How to compute the metrics between testset predictions and true labels?

sindhura234 commented 2 years ago

I am using my custom data...After training, how can I compute the metrics between test set predictions and true labels? I am using Hippocampus data loader provided by you . But i have imagesTr, labelsTr for training , and imagesTs, labelsTs for testing. I want to compute metrics for the test set

sindhura234 commented 2 years ago

Understood a bit. There is cross validation that can be done with --fold arg within the train set imagesTr. What about the final evaluation? I have ground truth for evaluation data as well. How to get the results?

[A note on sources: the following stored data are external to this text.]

Lemma distinguishable_feasible_I_delta {C : set V} :
  codebook X C -> distinguishable X mY eps delta C ->
  exists (dt : R) (Omega : Type) (Xt Yt : Omega -> V),
    [/\ 0 <= dt, feasible X mX mY eps dt Xt Yt, dt <= delta / mY (uv_rng Yt) &
        (log2 (card_nat C)%:R)%:E =
          I_delta mY Yt Xt (dt / (card_nat (uv_rng Xt))%:R)].
Proof.
move=> cbC distC; have [_ finC C0] := cbC.
have [n Cn n0] := finite_set_card_gt0 finC C0.
pose Xt := codebook_input X eps C; pose Yt := codebook_output X eps C.
have ch : channel_uvs X eps Xt Yt := codebook_channel_uvs cbC eps0.
have rngX : uv_rng Xt = C := codebook_input_rng cbC eps0.
have mY_gt0 : 0 < mY (uv_rng Yt) := channel_rngY_gt0 ch umY eps0.
pose dt := delta / mY (uv_rng Yt).
have overlap x1 x2 : uv_rng Xt x1 -> uv_rng Xt x2 -> x1 <> x2 ->
    mY (S_eps X eps x1 `&` S_eps X eps x2) <= dt / n%:R * mY (uv_rng Yt).
  rewrite rngX mulrAC divfK ?gt_eqF // => Cx1 Cx2 x12.
  by have := distC _ _ Cx1 Cx2 x12; rewrite /e_eps mYX divr1 (card_natE Cn).
have large := channel_tolerance_lt_ball ch n0 (lexx dt).
exists dt, (codebook_outcome X eps C), Xt, Yt.
rewrite rngX (card_natE Cn); split=> //.
- exact: divr_ge0 delta0 (ltW mY_gt0).
- split=> //; right; rewrite rngX (card_natE Cn).
  apply: (channel_associated ch umX) => x1 x2 Xtx1 Xtx2 x12.
  by rewrite ler_pdivrMr //; apply: overlap.
- symmetry; apply: I_delta_overlap_family (balls_overlap_family ch umY large overlap) _.
  by apply: card_eq_trans (balls_card large overlap) _; rewrite rngX.
Qed.

End Capacity.

Theorem theorem4 (R : realType) (V : normedModType R) (X : set V)
  (mX mY : set V -> R) (eps delta : R) (xstar : V) :
  totally_bounded_set X ->
  (forall x, X x -> `|x| <= 1) ->
  uncertainty_fun X mX -> uncertainty_fun X mY -> mY X = 1 ->
  0 < eps -> eps <= 1 ->
  X xstar -> (forall x, X x -> mY (S_eps X eps xstar) <= mY (S_eps X eps x)) ->
  0 <= delta -> delta < mY (S_eps X eps xstar) ->
  capacity X mY eps delta =
  ereal_sup [set v : \bar R | exists (dt : R) (Omega : Type) (Xt Yt : Omega -> V),
     [/\ 0 <= dt,
         feasible X mX mY eps dt Xt Yt,
         dt <= delta / mY (uv_rng Yt) &
         v = I_delta mY Yt Xt (dt / (card_nat (uv_rng Xt))%:R)]].
Proof.
move=> _ _ umX umY mYX /ltW eps0 _ Xxstar xstar_min delta0 delta_lt.
apply/eqP; rewrite eq_le; apply/andP; split; apply/ereal_supP.
- move=> _ [C [cbC distC] <-].
  have [dt [Om [Xt [Yt [dt0 feas dt_le ->]]]]] :=
    distinguishable_feasible_I_delta umX umY mYX eps0 xstar_min delta0 delta_lt
      cbC distC.
  by apply: ereal_sup_ubound; exists dt, Om, Xt, Yt.
- move=> _ [dt [Om [Xt [Yt [_ [ch _] dt_le ->]]]]].
  by apply: (I_delta_le_capacity umY mYX eps0 Xxstar xstar_min delta0 delta_lt
    ch dt_le).
Qed.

hoangtan96dl commented 2 years ago

Hello @cndu234, have you taken a look at evaluate.py file which contains the evaluation process to produce Dice coefficient, precision and recall metrics? Currently, I have not written the part that read samples from test folders (imagesTs, labelsTs) then I think you can add that part and returns it in test_dataloader of the LightningDataModule. After that, to use the test dataloader in evaluate.py you can change these lines from

data_module.setup("validate")
val_loader = data_module.val_dataloader()

to

data_module.setup("test")
test_loader = data_module.test_dataloader()

noushinha commented 2 years ago

Hello @hoangtan96dl and @cndu234, I am also developing a piece of code to do the evaluation on the test dataset. I am not much familiar with pytorch lightning so please ignore this completely if this does not make sense.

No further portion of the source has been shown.